(Material supplied Opens)
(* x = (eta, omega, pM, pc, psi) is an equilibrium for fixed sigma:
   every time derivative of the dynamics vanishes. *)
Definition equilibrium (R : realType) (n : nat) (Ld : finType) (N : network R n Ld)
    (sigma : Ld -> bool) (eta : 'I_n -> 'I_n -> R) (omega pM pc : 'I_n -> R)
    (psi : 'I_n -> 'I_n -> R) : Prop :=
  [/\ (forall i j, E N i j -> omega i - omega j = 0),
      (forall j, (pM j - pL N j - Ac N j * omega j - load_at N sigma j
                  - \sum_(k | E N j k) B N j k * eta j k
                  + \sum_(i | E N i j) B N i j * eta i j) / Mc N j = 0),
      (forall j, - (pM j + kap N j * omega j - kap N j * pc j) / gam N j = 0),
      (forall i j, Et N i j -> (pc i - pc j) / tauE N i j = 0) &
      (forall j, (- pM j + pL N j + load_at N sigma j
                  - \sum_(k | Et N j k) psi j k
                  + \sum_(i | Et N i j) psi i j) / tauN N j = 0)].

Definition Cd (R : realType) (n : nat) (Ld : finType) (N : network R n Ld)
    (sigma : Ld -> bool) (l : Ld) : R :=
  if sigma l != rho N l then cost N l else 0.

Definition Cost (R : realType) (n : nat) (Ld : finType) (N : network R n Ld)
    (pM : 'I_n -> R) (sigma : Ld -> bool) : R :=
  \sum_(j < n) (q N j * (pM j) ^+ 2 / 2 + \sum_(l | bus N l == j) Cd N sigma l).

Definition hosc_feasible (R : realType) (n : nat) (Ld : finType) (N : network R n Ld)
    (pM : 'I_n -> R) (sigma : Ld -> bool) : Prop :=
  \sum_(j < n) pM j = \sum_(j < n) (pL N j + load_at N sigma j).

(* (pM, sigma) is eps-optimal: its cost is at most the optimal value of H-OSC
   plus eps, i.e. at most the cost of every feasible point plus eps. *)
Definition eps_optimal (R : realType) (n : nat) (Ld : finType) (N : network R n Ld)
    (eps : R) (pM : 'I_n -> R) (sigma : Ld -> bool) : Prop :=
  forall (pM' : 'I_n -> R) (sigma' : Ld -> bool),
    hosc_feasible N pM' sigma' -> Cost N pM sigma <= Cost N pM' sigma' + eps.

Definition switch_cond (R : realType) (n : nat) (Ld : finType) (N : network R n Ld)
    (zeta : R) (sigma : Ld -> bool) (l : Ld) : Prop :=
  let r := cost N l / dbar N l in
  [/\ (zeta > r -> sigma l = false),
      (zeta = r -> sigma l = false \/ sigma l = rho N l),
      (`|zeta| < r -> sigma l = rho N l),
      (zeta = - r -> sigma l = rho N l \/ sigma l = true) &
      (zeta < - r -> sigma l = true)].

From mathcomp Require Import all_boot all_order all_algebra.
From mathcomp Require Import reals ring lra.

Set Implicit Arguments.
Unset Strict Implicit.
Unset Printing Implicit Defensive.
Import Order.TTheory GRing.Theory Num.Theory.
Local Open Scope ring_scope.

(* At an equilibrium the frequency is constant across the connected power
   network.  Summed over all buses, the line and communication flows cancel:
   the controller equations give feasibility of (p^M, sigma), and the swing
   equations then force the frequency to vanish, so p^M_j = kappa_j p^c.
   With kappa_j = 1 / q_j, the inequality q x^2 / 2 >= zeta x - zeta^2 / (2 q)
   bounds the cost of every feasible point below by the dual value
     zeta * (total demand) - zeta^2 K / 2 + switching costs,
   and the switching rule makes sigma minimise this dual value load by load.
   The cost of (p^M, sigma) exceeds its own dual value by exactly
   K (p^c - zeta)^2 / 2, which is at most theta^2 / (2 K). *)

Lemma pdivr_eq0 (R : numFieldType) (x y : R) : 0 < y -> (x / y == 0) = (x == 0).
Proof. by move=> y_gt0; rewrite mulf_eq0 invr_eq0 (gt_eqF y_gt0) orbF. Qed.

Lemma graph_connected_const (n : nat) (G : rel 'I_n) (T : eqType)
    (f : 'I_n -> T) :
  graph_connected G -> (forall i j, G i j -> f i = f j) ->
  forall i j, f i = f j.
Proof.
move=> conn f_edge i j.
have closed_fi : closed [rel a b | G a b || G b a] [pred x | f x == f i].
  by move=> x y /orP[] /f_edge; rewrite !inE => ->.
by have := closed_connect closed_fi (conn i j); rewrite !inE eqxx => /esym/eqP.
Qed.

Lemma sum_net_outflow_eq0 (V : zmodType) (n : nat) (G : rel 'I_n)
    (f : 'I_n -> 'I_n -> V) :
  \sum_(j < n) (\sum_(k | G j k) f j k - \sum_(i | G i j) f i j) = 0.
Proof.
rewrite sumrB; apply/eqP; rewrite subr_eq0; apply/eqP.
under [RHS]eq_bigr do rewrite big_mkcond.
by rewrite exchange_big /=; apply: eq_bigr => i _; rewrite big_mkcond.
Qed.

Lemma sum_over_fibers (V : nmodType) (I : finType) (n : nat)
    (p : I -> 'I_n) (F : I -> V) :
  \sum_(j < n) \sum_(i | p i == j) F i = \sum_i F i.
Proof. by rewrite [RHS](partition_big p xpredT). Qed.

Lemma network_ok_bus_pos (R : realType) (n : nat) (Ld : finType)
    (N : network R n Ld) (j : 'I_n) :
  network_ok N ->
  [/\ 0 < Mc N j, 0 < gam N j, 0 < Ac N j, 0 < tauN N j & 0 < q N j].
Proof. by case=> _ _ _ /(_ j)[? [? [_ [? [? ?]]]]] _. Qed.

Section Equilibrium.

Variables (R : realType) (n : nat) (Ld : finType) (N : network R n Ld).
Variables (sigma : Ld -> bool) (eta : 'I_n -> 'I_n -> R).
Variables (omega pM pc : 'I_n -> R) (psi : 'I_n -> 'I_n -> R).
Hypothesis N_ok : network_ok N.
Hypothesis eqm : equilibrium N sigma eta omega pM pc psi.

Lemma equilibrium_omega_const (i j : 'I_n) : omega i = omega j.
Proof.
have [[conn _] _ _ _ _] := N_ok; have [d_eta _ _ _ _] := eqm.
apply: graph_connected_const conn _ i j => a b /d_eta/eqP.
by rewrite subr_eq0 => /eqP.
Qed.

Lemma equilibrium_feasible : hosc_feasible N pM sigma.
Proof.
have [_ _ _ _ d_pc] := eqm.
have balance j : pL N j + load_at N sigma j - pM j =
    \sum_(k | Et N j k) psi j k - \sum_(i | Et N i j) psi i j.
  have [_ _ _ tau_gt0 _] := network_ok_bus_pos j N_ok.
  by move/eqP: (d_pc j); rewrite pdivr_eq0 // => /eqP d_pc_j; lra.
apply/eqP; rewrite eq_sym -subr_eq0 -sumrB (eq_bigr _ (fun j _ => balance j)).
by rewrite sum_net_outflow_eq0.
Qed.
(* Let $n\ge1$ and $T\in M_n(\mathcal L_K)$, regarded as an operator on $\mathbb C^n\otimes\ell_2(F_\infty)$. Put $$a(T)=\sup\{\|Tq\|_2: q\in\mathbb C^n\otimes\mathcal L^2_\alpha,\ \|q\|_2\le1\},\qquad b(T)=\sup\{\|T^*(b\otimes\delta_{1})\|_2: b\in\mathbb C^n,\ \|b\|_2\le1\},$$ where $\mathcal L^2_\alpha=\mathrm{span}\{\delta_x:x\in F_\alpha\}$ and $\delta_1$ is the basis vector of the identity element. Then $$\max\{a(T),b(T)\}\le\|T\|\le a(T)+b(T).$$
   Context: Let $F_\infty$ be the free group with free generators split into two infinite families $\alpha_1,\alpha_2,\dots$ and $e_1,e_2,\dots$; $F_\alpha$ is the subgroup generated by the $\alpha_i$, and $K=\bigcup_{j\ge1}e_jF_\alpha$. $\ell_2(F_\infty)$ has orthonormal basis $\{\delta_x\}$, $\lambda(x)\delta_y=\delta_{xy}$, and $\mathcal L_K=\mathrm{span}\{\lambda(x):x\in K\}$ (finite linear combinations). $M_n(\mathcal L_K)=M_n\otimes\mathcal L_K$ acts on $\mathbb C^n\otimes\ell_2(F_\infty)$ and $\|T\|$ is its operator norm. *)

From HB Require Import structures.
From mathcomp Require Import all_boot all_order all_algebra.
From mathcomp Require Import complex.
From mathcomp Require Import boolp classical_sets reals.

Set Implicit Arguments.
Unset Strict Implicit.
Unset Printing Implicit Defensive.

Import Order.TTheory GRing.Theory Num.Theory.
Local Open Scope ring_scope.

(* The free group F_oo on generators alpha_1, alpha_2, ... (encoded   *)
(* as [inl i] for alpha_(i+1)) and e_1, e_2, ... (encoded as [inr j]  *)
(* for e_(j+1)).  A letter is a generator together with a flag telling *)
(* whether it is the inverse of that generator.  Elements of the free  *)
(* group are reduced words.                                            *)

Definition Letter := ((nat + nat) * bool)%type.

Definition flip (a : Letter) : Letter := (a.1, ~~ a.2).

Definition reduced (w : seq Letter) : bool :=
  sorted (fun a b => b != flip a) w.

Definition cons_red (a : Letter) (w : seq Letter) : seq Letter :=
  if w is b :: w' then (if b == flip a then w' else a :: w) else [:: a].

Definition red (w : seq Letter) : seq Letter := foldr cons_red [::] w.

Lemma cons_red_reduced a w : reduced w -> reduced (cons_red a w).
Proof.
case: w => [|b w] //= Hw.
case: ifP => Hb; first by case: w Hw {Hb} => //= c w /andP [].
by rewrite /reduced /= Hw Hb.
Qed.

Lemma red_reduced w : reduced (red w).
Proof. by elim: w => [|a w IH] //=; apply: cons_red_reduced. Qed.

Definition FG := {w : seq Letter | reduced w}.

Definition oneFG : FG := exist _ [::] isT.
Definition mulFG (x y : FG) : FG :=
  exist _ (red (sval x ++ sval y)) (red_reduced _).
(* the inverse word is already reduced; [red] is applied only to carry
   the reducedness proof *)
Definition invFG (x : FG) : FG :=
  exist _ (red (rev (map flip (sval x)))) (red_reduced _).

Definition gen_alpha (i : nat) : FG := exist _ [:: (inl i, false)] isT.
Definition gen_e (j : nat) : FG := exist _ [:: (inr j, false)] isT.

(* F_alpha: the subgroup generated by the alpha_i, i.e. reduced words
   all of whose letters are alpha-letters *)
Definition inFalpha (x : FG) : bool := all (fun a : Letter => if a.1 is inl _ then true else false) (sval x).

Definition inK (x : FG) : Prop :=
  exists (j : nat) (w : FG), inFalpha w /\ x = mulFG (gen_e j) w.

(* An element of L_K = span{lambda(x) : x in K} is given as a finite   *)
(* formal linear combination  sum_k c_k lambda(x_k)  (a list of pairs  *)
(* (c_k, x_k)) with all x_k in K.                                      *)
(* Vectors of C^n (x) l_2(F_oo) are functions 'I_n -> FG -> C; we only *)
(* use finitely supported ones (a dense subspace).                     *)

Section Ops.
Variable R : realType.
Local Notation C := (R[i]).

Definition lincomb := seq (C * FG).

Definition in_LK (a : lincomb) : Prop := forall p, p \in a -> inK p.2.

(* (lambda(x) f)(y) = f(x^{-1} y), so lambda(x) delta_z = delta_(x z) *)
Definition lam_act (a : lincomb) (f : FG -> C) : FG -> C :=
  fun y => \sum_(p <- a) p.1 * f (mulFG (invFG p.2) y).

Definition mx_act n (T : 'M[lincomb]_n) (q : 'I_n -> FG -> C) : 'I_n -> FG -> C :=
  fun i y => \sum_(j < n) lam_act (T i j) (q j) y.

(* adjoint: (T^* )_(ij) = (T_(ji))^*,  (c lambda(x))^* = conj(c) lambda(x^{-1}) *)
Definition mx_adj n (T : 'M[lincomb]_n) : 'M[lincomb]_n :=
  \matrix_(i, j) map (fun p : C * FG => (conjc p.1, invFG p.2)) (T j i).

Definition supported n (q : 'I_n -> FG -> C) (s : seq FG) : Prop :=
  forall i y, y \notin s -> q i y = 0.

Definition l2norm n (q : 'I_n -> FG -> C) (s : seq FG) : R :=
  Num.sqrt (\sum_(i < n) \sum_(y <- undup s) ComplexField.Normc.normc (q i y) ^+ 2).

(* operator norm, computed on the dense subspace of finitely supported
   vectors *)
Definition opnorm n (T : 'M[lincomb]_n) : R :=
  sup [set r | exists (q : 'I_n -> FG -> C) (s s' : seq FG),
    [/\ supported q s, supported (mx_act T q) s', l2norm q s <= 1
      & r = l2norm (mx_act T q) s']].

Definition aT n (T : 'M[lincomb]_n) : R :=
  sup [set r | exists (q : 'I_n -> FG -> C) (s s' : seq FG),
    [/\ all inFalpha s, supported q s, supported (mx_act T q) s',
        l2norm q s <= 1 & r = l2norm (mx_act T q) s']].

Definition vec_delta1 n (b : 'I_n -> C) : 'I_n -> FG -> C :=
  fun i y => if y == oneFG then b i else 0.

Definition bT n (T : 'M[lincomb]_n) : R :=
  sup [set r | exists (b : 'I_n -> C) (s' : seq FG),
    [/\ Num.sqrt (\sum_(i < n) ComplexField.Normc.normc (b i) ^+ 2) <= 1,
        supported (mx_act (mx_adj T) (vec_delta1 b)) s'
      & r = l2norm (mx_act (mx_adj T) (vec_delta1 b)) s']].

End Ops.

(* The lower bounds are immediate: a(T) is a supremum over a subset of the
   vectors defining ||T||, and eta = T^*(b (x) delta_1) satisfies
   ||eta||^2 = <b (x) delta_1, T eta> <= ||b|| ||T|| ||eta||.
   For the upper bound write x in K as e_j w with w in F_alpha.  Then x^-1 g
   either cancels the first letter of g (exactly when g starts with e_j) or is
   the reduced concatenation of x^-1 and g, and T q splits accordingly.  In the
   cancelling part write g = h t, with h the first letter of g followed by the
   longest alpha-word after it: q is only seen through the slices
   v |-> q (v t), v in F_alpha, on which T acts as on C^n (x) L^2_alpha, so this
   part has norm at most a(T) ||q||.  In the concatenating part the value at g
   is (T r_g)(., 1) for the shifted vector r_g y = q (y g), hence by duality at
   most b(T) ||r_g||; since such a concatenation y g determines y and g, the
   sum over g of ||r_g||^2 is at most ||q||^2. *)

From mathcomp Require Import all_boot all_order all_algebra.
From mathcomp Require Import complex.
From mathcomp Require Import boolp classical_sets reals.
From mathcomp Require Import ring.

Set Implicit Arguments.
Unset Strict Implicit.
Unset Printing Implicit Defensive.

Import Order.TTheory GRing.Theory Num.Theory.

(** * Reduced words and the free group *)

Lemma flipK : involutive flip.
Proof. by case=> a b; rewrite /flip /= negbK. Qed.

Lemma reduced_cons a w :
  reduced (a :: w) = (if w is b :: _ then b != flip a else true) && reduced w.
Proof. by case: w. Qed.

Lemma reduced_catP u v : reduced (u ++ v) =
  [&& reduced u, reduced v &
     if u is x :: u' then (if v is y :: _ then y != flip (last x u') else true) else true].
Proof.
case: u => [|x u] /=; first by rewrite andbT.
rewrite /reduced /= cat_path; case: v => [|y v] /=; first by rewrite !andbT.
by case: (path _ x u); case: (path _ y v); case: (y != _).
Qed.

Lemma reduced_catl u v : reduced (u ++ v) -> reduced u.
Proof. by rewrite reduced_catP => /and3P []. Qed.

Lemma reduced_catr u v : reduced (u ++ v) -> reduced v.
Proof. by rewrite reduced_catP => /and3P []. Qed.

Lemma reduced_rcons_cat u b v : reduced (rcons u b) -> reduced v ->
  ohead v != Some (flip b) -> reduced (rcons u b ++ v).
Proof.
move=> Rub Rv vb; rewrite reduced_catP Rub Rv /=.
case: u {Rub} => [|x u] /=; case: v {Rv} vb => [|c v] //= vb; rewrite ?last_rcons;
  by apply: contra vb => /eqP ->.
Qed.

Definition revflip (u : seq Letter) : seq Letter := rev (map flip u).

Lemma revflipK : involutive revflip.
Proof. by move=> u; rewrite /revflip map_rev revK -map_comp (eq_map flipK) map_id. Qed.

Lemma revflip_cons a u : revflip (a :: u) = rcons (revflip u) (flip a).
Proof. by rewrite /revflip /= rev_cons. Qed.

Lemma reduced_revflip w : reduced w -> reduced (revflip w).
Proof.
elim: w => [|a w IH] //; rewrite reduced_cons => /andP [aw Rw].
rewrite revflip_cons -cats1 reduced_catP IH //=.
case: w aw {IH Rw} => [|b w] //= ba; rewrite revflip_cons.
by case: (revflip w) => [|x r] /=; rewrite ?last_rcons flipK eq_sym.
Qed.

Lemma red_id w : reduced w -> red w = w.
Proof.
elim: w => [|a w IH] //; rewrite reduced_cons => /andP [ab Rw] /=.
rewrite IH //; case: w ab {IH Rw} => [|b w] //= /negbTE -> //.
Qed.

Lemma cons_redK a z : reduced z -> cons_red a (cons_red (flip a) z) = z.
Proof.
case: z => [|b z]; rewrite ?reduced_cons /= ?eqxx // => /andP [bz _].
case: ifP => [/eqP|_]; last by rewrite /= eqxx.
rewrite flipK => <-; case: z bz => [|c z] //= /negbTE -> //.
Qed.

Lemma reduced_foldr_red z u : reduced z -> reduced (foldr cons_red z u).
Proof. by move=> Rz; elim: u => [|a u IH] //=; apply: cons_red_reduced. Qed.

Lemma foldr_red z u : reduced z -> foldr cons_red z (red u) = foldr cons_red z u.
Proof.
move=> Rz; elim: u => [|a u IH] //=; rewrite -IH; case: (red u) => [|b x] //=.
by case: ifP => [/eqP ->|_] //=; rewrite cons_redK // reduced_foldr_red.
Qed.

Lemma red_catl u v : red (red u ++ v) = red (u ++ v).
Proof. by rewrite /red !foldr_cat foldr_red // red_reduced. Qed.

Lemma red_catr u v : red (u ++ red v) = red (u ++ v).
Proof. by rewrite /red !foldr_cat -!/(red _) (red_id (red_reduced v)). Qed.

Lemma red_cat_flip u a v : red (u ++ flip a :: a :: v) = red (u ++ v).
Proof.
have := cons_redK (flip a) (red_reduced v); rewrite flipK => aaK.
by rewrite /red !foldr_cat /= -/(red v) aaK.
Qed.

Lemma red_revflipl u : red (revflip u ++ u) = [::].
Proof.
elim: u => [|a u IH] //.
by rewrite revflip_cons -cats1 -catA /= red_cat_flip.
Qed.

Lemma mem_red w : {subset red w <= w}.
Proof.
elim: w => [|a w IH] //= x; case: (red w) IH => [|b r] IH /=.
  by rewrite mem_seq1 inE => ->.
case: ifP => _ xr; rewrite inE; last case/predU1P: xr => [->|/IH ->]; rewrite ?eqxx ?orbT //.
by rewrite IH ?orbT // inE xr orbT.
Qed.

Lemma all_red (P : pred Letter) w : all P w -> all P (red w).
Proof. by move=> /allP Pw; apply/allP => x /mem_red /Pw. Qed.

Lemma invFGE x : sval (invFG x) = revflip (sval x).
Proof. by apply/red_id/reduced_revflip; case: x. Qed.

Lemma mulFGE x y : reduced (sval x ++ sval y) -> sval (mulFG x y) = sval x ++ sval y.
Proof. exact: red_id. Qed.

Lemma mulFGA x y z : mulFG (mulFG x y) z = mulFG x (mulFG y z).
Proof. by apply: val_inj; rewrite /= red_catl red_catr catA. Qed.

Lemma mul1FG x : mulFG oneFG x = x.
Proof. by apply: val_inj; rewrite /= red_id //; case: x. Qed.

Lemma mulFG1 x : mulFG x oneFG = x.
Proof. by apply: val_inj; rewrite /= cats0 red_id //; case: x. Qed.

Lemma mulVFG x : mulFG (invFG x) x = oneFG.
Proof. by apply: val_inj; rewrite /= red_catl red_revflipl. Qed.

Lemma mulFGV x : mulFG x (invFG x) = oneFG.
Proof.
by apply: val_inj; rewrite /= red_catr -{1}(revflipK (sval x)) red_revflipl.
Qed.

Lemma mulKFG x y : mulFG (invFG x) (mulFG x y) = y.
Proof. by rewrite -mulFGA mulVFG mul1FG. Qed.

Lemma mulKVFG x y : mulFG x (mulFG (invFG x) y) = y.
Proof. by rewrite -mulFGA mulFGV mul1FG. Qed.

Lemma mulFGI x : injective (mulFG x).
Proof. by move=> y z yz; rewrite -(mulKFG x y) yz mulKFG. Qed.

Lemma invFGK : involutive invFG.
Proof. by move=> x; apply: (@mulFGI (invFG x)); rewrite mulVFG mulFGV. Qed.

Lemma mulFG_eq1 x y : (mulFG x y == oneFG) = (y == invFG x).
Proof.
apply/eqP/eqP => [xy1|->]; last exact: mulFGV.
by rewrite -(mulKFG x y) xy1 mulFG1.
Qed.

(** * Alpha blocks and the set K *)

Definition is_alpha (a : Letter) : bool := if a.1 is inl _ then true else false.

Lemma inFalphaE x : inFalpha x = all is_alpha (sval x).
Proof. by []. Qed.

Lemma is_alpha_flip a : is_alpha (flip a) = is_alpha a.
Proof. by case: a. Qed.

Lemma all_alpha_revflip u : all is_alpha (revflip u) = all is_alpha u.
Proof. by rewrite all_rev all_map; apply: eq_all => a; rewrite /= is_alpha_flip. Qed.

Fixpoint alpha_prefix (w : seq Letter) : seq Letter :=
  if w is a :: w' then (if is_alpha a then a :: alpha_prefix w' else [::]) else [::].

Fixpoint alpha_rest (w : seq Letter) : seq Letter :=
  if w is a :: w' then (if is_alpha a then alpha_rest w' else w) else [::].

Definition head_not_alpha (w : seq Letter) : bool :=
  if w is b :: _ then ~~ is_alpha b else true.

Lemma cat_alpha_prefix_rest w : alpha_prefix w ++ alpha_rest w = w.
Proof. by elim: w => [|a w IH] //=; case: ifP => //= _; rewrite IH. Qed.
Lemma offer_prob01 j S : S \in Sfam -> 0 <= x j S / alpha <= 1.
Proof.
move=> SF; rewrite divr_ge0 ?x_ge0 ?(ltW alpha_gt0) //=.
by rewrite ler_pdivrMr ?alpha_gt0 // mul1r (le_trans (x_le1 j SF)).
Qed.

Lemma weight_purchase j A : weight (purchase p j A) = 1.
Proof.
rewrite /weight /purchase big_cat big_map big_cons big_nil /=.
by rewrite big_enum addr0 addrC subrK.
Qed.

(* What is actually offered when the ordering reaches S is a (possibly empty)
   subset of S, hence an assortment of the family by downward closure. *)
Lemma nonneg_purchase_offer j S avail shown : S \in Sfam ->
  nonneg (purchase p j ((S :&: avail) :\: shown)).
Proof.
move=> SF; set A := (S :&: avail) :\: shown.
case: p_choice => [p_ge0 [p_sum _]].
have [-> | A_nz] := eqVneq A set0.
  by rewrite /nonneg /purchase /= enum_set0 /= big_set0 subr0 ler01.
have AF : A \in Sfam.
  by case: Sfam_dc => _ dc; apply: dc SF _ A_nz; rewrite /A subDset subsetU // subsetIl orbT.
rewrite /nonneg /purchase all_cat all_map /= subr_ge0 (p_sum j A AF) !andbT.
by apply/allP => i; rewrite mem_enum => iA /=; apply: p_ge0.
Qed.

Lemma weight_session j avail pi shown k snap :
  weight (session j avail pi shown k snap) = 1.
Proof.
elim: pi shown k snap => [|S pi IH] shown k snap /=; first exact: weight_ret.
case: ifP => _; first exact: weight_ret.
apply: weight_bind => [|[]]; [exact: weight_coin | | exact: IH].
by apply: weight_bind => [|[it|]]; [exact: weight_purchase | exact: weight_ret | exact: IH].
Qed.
(Material supplied Closes)
▶ [Problem requirements]: Print, without alteration, only the lines above between the one holding "- \sum_(k | Et" and the one holding "the controller equations", inclusive.

▶ [Output of the exercise]:
                  - \sum_(k | Et N j k) psi j k
                  + \sum_(i | Et N i j) psi i j) / tauN N j = 0)].

Definition Cd (R : realType) (n : nat) (Ld : finType) (N : network R n Ld)
    (sigma : Ld -> bool) (l : Ld) : R :=
  if sigma l != rho N l then cost N l else 0.

Definition Cost (R : realType) (n : nat) (Ld : finType) (N : network R n Ld)
    (pM : 'I_n -> R) (sigma : Ld -> bool) : R :=
  \sum_(j < n) (q N j * (pM j) ^+ 2 / 2 + \sum_(l | bus N l == j) Cd N sigma l).

Definition hosc_feasible (R : realType) (n : nat) (Ld : finType) (N : network R n Ld)
    (pM : 'I_n -> R) (sigma : Ld -> bool) : Prop :=
  \sum_(j < n) pM j = \sum_(j < n) (pL N j + load_at N sigma j).

(* (pM, sigma) is eps-optimal: its cost is at most the optimal value of H-OSC
   plus eps, i.e. at most the cost of every feasible point plus eps. *)
Definition eps_optimal (R : realType) (n : nat) (Ld : finType) (N : network R n Ld)
    (eps : R) (pM : 'I_n -> R) (sigma : Ld -> bool) : Prop :=
  forall (pM' : 'I_n -> R) (sigma' : Ld -> bool),
    hosc_feasible N pM' sigma' -> Cost N pM sigma <= Cost N pM' sigma' + eps.

Definition switch_cond (R : realType) (n : nat) (Ld : finType) (N : network R n Ld)
    (zeta : R) (sigma : Ld -> bool) (l : Ld) : Prop :=
  let r := cost N l / dbar N l in
  [/\ (zeta > r -> sigma l = false),
      (zeta = r -> sigma l = false \/ sigma l = rho N l),
      (`|zeta| < r -> sigma l = rho N l),
      (zeta = - r -> sigma l = rho N l \/ sigma l = true) &
      (zeta < - r -> sigma l = true)].

From mathcomp Require Import all_boot all_order all_algebra.
From mathcomp Require Import reals ring lra.

Set Implicit Arguments.
Unset Strict Implicit.
Unset Printing Implicit Defensive.
Import Order.TTheory GRing.Theory Num.Theory.
Local Open Scope ring_scope.

(* At an equilibrium the frequency is constant across the connected power
   network.  Summed over all buses, the line and communication flows cancel:
   the controller equations give feasibility of (p^M, sigma), and the swing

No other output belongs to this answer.